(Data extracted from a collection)
(* Let $M\ge 0$, $\mathcal{M}=\{0,\dots,M\}$, $T\ge 1$, $c_u,c_l>0$, $0\le\beta\le 1$, and let $(B_t)_{t\ge 0}$ be a Markov chain on $\mathcal{M}$ with known stochastic transition matrix $P$ (rows $P_{s,\cdot}$) and known initial state $B_0=s_0$. At each time $t=1,\dots,T$ a decision-maker chooses an action $r_t\in\mathcal{M}$ as a function of $s_0$ and all past actions and observations, incurring cost $C(B_t;r_t)=c_u(r_t-B_t)$ if $r_t>B_t$ and $C(B_t;r_t)=c_l(B_t-r_t)$ if $r_t\le B_t$; if $r_t>B_t$ the value $B_t$ is observed, while if $r_t\le B_t$ only the fact that $B_t\ge r_t$ is observed. Let $W^{opt}_0(s_0)$ be the minimum over all such policies of $\mathbb{E}\{\sum_{t=1}^T\beta^{t-1}C(B_t;r_t)\mid B_0=s_0\}$. For a probability vector $b$ let $\bar C(b;r)=c_l\sum_{i=r}^M b(i)(i-r)+c_u\sum_{i=0}^{r-1}b(i)(r-i)$ and $\pi^{myopic}(b)=\min\{r\in\mathcal{M}:\sum_{i=0}^r b(i)\ge \frac{c_l}{c_l+c_u}\}$, and define for $s\in\mathcal{M}$ $$W^{FO}_{T-1}(s)=\bar C(P_{s,\cdot};\pi^{myopic}(P_{s,\cdot})),$$ $$W^{FO}_t(s)=\bar C(P_{s,\cdot};\pi^{myopic}(P_{s,\cdot}))+\beta\sum_{i=0}^M P_{s,i}\,W^{FO}_{t+1}(i),\quad t=0,\dots,T-2.$$ Then $W^{opt}_0(s_0)\ge W^{FO}_0(s_0)$.
   Context: $W^{FO}_0(s_0)$ is the expected discounted cost of a genie policy that observes the actual state at every time step with one unit of delay and plays the myopic action. *)

From HB Require Import structures.
From mathcomp Require Import all_boot all_order all_algebra.
Set Implicit Arguments. Unset Strict Implicit. Unset Printing Implicit Defensive.
Import Order.TTheory GRing.Theory Num.Theory.
Local Open Scope ring_scope.

Section Defs.
Variables (R : realFieldType) (M : nat).
Notation state := 'I_M.+1.

Definition cost (cu cl : R) (b r : state) : R :=
  if (b < r)%N then cu * ((r : nat)%:R - (b : nat)%:R)
  else cl * ((b : nat)%:R - (r : nat)%:R).

(* Observation after playing r when the state is b:
   Some b (exact value) if r > b, None (only "b >= r") otherwise. *)
Definition observe (r b : state) : option state :=
  if (b < r)%N then Some b else None.

(* A (deterministic, history-dependent) policy: given the history of
   past (action, observation) pairs, choose the next action.
   The initial state s0 is fixed, so dependence on it is implicit. *)
Definition policy := seq (state * option state) -> state.

(* Expected discounted cost of the remaining n steps, given the history
   hist (whose length is the number of elapsed steps t-1) and the
   current (previous-step) state s. Discount beta^(t-1). *)
Fixpoint exp_cost (P : 'M[R]_M.+1) (cu cl beta : R) (pol : policy)
    (n : nat) (hist : seq (state * option state)) (s : state) : R :=
  match n with
  | 0 => 0
  | n'.+1 =>
      let r := pol hist in
      \sum_(j < M.+1) P s j *
        (beta ^+ (size hist) * cost cu cl j r
         + exp_cost P cu cl beta pol n' (rcons hist (r, observe r j)) j)
  end.

Definition policy_cost (P : 'M[R]_M.+1) (cu cl beta : R) (T : nat)
    (pol : policy) (s0 : state) : R :=
  exp_cost P cu cl beta pol T [::] s0.

Definition Cbar (cu cl : R) (b : state -> R) (r : state) : R :=
  cl * (\sum_(i < M.+1 | (r <= i)%N) b i * ((i : nat)%:R - (r : nat)%:R))
  + cu * (\sum_(i < M.+1 | (i < r)%N) b i * ((r : nat)%:R - (i : nat)%:R)).

Definition myopic_crit (cu cl : R) (b : state -> R) (r : nat) : bool :=
  cl / (cl + cu) <= \sum_(i < M.+1 | (i <= r)%N) b i.

Definition pi_myopic (cu cl : R) (b : state -> R) : state :=
  inord (find (myopic_crit cu cl b) (iota 0 M.+1)).

Definition one_step (P : 'M[R]_M.+1) (cu cl : R) (s : state) : R :=
  Cbar cu cl (P s) (pi_myopic cu cl (P s)).

(* WFO_aux k = W^FO_{T-1-k} *)
Fixpoint WFO_aux (P : 'M[R]_M.+1) (cu cl beta : R) (k : nat) (s : state) : R :=
  match k with
  | 0 => one_step P cu cl s
  | k'.+1 => one_step P cu cl s
             + beta * \sum_(i < M.+1) P s i * WFO_aux P cu cl beta k' i
  end.

Definition WFO (P : 'M[R]_M.+1) (cu cl beta : R) (T t : nat) (s : state) : R :=
  WFO_aux P cu cl beta (T.-1 - t) s.

End Defs.

From HB Require Import structures.
From mathcomp Require Import all_boot all_order all_algebra.
From mathcomp Require Import ring lra zify.
Set Implicit Arguments. Unset Strict Implicit. Unset Printing Implicit Defensive.
Import Order.TTheory GRing.Theory Num.Theory.
Local Open Scope ring_scope.

(* Whatever a policy has observed, its action r_t is a function of the history
   alone, so conditionally on B_{t-1} = s the expected stage cost is
   Cbar(P_s; r_t), which is at least the newsvendor minimum
   Cbar(P_s; pi^myopic(P_s)). Backward induction on the remaining horizon,
   conditioning on the previous state, then bounds every policy's expected
   cost-to-go from below by W^FO. *)

Section Newsvendor.
Variables (R : realFieldType) (M : nat) (cu cl : R).
Implicit Types (b : 'I_M.+1 -> R) (i m r : 'I_M.+1).

Definition cdf b (k : nat) : R := \sum_(i < M.+1 | (i < k)%N) b i.

Lemma Cbar_sumE b r : Cbar cu cl b r = \sum_i b i * cost cu cl i r.
Proof.
rewrite /Cbar [RHS](bigID (fun i : 'I_M.+1 => (r <= i)%N)) /= !mulr_sumr.
rewrite [X in _ + X = _](eq_bigl (fun i : 'I_M.+1 => ~~ (r <= i)%N)); last first.
  by move=> i; rewrite ltnNge.
congr (_ + _); apply: eq_bigr => i Hi; rewrite /cost.
- by rewrite ltnNge Hi /=; ring.
- by rewrite -ltnNge in Hi; rewrite Hi; ring.
Qed.

Lemma sum_threshold_step b (k : nat) : \sum_i b i = 1 ->
  \sum_i b i * (if (i < k)%N then cu else - cl) = (cu + cl) * cdf b k - cl.
Proof.
move=> b1; have b_above : \sum_(i < M.+1 | ~~ (i < k)%N) b i = 1 - cdf b k.
  by rewrite -b1 [in RHS](bigID (fun i : 'I_M.+1 => (i < k)%N)) /cdf /=; ring.
rewrite (bigID (fun i : 'I_M.+1 => (i < k)%N)) /=.
under eq_bigr => i Hi do rewrite Hi.
under [X in _ + X]eq_bigr => i Hi do rewrite (negbTE Hi).
by rewrite -!big_distrl /= -/(cdf b k) b_above; ring.
Qed.

(* Subgradients of the piecewise-linear convex map r |-> cost i r at m, on the
   right (for r >= m) and on the left (for r < m). *)
Lemma cost_subr_ge_right i r m : 0 <= cu -> 0 <= cl -> (m <= r)%N ->
  ((r : nat)%:R - (m : nat)%:R) * (if (i < m.+1)%N then cu else - cl)
    <= cost cu cl i r - cost cu cl i m.
Proof.
move=> cu_ge0 cl_ge0 le_mr; rewrite /cost ltnS.
have le_mr' : (m : nat)%:R <= (r : nat)%:R :> R by rewrite ler_nat.
case: (ltnP i r) => h1; case: (ltngtP i m) => h2; try (exfalso; lia).
all: rewrite ?h2 in h1 *; move: h1 h2.
all: rewrite -?(ltr_nat R) -?(ler_nat R) => h1 h2; nra.
Qed.

Lemma cost_subr_ge_left i r m : 0 <= cu -> 0 <= cl -> (r < m)%N ->
  ((r : nat)%:R - (m : nat)%:R) * (if (i < m)%N then cu else - cl)
    <= cost cu cl i r - cost cu cl i m.
Proof.
move=> cu_ge0 cl_ge0 lt_rm; rewrite /cost.
have lt_rm' : (r : nat)%:R < (m : nat)%:R :> R by rewrite ltr_nat.
case: (ltnP i r) => h1; case: (ltnP i m) => h2; try (exfalso; lia).
all: move: h1 h2; rewrite -?(ltr_nat R) -?(ler_nat R) => h1 h2; nra.
Qed.

Lemma Cbar_subr_ge b r m (k : nat) :
  (forall i, 0 <= b i) -> \sum_i b i = 1 ->
  (forall i, ((r : nat)%:R - (m : nat)%:R) * (if (i < k)%N then cu else - cl)
               <= cost cu cl i r - cost cu cl i m) ->
  ((r : nat)%:R - (m : nat)%:R) * ((cu + cl) * cdf b k - cl)
    <= Cbar cu cl b r - Cbar cu cl b m.
Proof.
move=> b_ge0 b1 subgrad.
rewrite -sum_threshold_step // !Cbar_sumE -sumrB mulr_sumr.
by apply: ler_sum => i _; rewrite -mulrBr mulrCA ler_wpM2l.
Qed.

Lemma pi_myopicP b : cl / (cl + cu) <= \sum_i b i ->
  myopic_crit cu cl b (pi_myopic cu cl b)
  /\ forall k, (k < pi_myopic cu cl b)%N -> ~~ myopic_crit cu cl b k.
Proof.
move=> crit_M; rewrite /pi_myopic; set k := find _ _.
have crit_has : has (myopic_crit cu cl b) (iota 0 M.+1).
  apply/hasP; exists M; first by rewrite mem_iota; lia.
  by rewrite /myopic_crit (eq_bigl xpredT) // => i; rewrite leq_ord.
have lt_kM : (k < M.+1)%N by rewrite -[M.+1](size_iota 0) -has_find.
rewrite inordK //.
split; first by have := nth_find 0 crit_has; rewrite nth_iota.
move=> j lt_jk; have := before_find 0 lt_jk.
by rewrite nth_iota ?add0n => [->|]; last exact: ltn_trans lt_jk lt_kM.
Qed.

Lemma myopic_critE b (k : nat) : 0 < cl + cu ->
  myopic_crit cu cl b k = (cl <= (cu + cl) * cdf b k.+1).
Proof.
move=> sum_gt0; rewrite /myopic_crit ler_pdivrMr // mulrC addrC.
by congr (_ <= _ * _); apply: eq_bigl => i; rewrite ltnS.
Qed.

Lemma Cbar_myopic_le b r : 0 < cu -> 0 < cl ->
  (forall i, 0 <= b i) -> \sum_i b i = 1 ->
  Cbar cu cl b (pi_myopic cu cl b) <= Cbar cu cl b r.
Proof.
move=> cu_gt0 cl_gt0 b_ge0 b1.
have [cu_ge0 cl_ge0] := (ltW cu_gt0, ltW cl_gt0).
have sum_gt0 : 0 < cl + cu by exact: addr_gt0.
have crit_M : cl / (cl + cu) <= \sum_i b i.
  by rewrite b1 ler_pdivrMr // mul1r lerDl.
have [crit_m below_m] := pi_myopicP crit_M.
set m := pi_myopic cu cl b in crit_m below_m *; rewrite -subr_ge0.
(* The criterion holding at m makes the right subgradient of Cbar b at m
   nonnegative; its failing at m - 1 makes the left one nonpositive. *)
case: (leqP m r) => [le_mr|lt_rm].
- have subgrad i := cost_subr_ge_right i cu_ge0 cl_ge0 le_mr.
  apply: le_trans _ (Cbar_subr_ge b_ge0 b1 subgrad).
  apply: mulr_ge0; first by rewrite subr_ge0 ler_nat.
  by move: crit_m; rewrite myopic_critE // subr_ge0.
- have subgrad i := cost_subr_ge_left i cu_ge0 cl_ge0 lt_rm.
  apply: le_trans _ (Cbar_subr_ge b_ge0 b1 subgrad).
  apply: mulr_le0; first by rewrite subr_le0 ler_nat ltnW.
  have m_gt0 : (0 < m)%N by apply: leq_ltn_trans lt_rm.
  have := below_m m.-1%N; rewrite ltn_predL myopic_critE // prednK //.
  by rewrite -ltNge subr_le0 => /(_ m_gt0) /ltW.
Qed.

End Newsvendor.

Section GenieBound.
Variables (R : realFieldType) (M : nat) (P : 'M[R]_M.+1) (cu cl beta : R).
Variable pol : policy M.
Hypotheses (cu_gt0 : 0 < cu) (cl_gt0 : 0 < cl) (beta_ge0 : 0 <= beta).
Hypotheses (P_ge0 : forall i j, 0 <= P i j)
           (P_stochastic : forall i, \sum_(j < M.+1) P i j = 1).

Lemma exp_costSE n hist s :
  exp_cost P cu cl beta pol n.+1 hist s =
  beta ^+ size hist * Cbar cu cl (P s) (pol hist)
  + \sum_j P s j *
      exp_cost P cu cl beta pol n (rcons hist (pol hist, observe (pol hist) j)) j.
Proof.
rewrite /= Cbar_sumE !mulr_sumr -big_split /=.
by apply: eq_bigr => j _; ring.
Qed.

Lemma one_step_le_stage_cost s hist :
  one_step P cu cl s <= Cbar cu cl (P s) (pol hist).
Proof. exact: Cbar_myopic_le. Qed.

Lemma WFO_aux_le_exp_cost n hist s :
  beta ^+ size hist * WFO_aux P cu cl beta n s
    <= exp_cost P cu cl beta pol n.+1 hist s.
Proof.
elim: n hist s => [|n IHn] hist s; rewrite exp_costSE.
- rewrite big1 ?addr0 => [|j _]; last by rewrite mulr0.
  by apply: ler_wpM2l; [exact: exprn_ge0 | exact: one_step_le_stage_cost].
- rewrite [WFO_aux _ _ _ _ _.+1 _]/= mulrDr; apply: lerD.
    by apply: ler_wpM2l; [exact: exprn_ge0 | exact: one_step_le_stage_cost].
  rewrite mulrA -exprSr mulr_sumr; apply: ler_sum => j _.
  rewrite mulrCA; apply: ler_wpM2l; first exact: P_ge0.
  by have := IHn (rcons hist (pol hist, observe (pol hist) j)) j; rewrite size_rcons.
Qed.

End GenieBound.

Theorem proposition5 (R : realFieldType) (M : nat) (P : 'M[R]_M.+1)
  (cu cl beta : R) (T : nat) (s0 : 'I_M.+1) :
  (1 <= T)%N -> 0 < cu -> 0 < cl -> 0 <= beta -> beta <= 1 ->
  (forall i j, 0 <= P i j) ->
  (forall i, \sum_(j < M.+1) P i j = 1) ->
  forall pol : policy M,
    WFO P cu cl beta T 0 s0 <= policy_cost P cu cl beta T pol s0.
Proof.
case: T => // T _ cu_gt0 cl_gt0 beta_ge0 _ P_ge0 P_stochastic pol.
have := WFO_aux_le_exp_cost pol cu_gt0 cl_gt0 beta_ge0 P_ge0 P_stochastic T [::] s0.
by rewrite expr0 mul1r /WFO subn0.
Qed.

**DIRECTIONS:**
Please filter the entries above down to the lines holding "value" and copy them.

**SOLUTION:**
(* Let $M\ge 0$, $\mathcal{M}=\{0,\dots,M\}$, $T\ge 1$, $c_u,c_l>0$, $0\le\beta\le 1$, and let $(B_t)_{t\ge 0}$ be a Markov chain on $\mathcal{M}$ with known stochastic transition matrix $P$ (rows $P_{s,\cdot}$) and known initial state $B_0=s_0$. At each time $t=1,\dots,T$ a decision-maker chooses an action $r_t\in\mathcal{M}$ as a function of $s_0$ and all past actions and observations, incurring cost $C(B_t;r_t)=c_u(r_t-B_t)$ if $r_t>B_t$ and $C(B_t;r_t)=c_l(B_t-r_t)$ if $r_t\le B_t$; if $r_t>B_t$ the value $B_t$ is observed, while if $r_t\le B_t$ only the fact that $B_t\ge r_t$ is observed. Let $W^{opt}_0(s_0)$ be the minimum over all such policies of $\mathbb{E}\{\sum_{t=1}^T\beta^{t-1}C(B_t;r_t)\mid B_0=s_0\}$. For a probability vector $b$ let $\bar C(b;r)=c_l\sum_{i=r}^M b(i)(i-r)+c_u\sum_{i=0}^{r-1}b(i)(r-i)$ and $\pi^{myopic}(b)=\min\{r\in\mathcal{M}:\sum_{i=0}^r b(i)\ge \frac{c_l}{c_l+c_u}\}$, and define for $s\in\mathcal{M}$ $$W^{FO}_{T-1}(s)=\bar C(P_{s,\cdot};\pi^{myopic}(P_{s,\cdot})),$$ $$W^{FO}_t(s)=\bar C(P_{s,\cdot};\pi^{myopic}(P_{s,\cdot}))+\beta\sum_{i=0}^M P_{s,i}\,W^{FO}_{t+1}(i),\quad t=0,\dots,T-2.$$ Then $W^{opt}_0(s_0)\ge W^{FO}_0(s_0)$.
   Some b (exact value) if r > b, None (only "b >= r") otherwise. *)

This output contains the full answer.